**Directions:**
Copy exactly the lines of the records below, and only those lines, beginning with the line that contains "Section Transfer." and ending with the line that contains "[apply: sa (i, j)".

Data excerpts
• • • • • • •

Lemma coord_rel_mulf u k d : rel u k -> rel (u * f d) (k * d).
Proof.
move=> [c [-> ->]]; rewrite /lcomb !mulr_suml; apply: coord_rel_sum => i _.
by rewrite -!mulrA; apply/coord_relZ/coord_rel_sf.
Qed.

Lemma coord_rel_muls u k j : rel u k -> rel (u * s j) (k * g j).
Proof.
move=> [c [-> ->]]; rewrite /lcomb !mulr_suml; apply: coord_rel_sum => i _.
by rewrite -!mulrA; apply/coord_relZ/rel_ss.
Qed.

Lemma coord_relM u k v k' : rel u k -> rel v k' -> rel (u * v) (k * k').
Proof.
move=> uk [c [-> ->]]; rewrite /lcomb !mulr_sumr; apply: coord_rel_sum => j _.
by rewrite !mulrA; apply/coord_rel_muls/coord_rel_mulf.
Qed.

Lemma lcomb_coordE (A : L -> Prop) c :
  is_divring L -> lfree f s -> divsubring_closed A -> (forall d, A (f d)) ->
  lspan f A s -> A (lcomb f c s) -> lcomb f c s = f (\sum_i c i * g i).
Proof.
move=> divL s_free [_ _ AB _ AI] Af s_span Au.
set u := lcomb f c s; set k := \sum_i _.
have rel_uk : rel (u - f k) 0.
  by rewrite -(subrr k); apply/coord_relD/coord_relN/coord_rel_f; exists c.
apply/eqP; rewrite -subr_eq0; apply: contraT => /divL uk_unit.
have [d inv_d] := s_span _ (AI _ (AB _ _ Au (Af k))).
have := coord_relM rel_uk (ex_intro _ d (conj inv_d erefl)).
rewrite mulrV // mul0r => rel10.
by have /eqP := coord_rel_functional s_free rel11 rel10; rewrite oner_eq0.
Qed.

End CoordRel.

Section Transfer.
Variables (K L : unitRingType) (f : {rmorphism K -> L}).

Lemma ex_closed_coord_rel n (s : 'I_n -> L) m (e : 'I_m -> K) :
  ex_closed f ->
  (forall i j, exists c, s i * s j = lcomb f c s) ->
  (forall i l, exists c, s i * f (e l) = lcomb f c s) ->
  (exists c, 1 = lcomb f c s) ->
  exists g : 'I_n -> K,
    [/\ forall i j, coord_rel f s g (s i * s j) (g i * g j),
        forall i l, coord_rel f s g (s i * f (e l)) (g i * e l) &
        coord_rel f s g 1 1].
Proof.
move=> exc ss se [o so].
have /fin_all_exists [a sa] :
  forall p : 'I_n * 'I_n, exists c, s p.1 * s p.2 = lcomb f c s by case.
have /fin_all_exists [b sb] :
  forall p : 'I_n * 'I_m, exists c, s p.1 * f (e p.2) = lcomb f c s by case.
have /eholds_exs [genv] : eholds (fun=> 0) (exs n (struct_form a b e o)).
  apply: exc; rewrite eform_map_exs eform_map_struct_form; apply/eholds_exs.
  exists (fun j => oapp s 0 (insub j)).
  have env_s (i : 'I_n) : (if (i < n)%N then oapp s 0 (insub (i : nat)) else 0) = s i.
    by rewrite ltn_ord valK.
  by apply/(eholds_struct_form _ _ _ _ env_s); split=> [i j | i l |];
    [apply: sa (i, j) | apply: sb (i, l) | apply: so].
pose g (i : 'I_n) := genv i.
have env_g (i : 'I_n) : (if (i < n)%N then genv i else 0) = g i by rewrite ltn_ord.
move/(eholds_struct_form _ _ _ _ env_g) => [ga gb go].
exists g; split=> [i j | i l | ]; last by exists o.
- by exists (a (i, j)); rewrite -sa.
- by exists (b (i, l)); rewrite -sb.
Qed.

• • • • • • •

**Response area:**
Section Transfer.
Variables (K L : unitRingType) (f : {rmorphism K -> L}).

Lemma ex_closed_coord_rel n (s : 'I_n -> L) m (e : 'I_m -> K) :
  ex_closed f ->
  (forall i j, exists c, s i * s j = lcomb f c s) ->
  (forall i l, exists c, s i * f (e l) = lcomb f c s) ->
  (exists c, 1 = lcomb f c s) ->
  exists g : 'I_n -> K,
    [/\ forall i j, coord_rel f s g (s i * s j) (g i * g j),
        forall i l, coord_rel f s g (s i * f (e l)) (g i * e l) &
        coord_rel f s g 1 1].
Proof.
move=> exc ss se [o so].
have /fin_all_exists [a sa] :
  forall p : 'I_n * 'I_n, exists c, s p.1 * s p.2 = lcomb f c s by case.
have /fin_all_exists [b sb] :
  forall p : 'I_n * 'I_m, exists c, s p.1 * f (e p.2) = lcomb f c s by case.
have /eholds_exs [genv] : eholds (fun=> 0) (exs n (struct_form a b e o)).
  apply: exc; rewrite eform_map_exs eform_map_struct_form; apply/eholds_exs.
  exists (fun j => oapp s 0 (insub j)).
  have env_s (i : 'I_n) : (if (i < n)%N then oapp s 0 (insub (i : nat)) else 0) = s i.
    by rewrite ltn_ord valK.
  by apply/(eholds_struct_form _ _ _ _ env_s); split=> [i j | i l |];
    [apply: sa (i, j) | apply: sb (i, l) | apply: so].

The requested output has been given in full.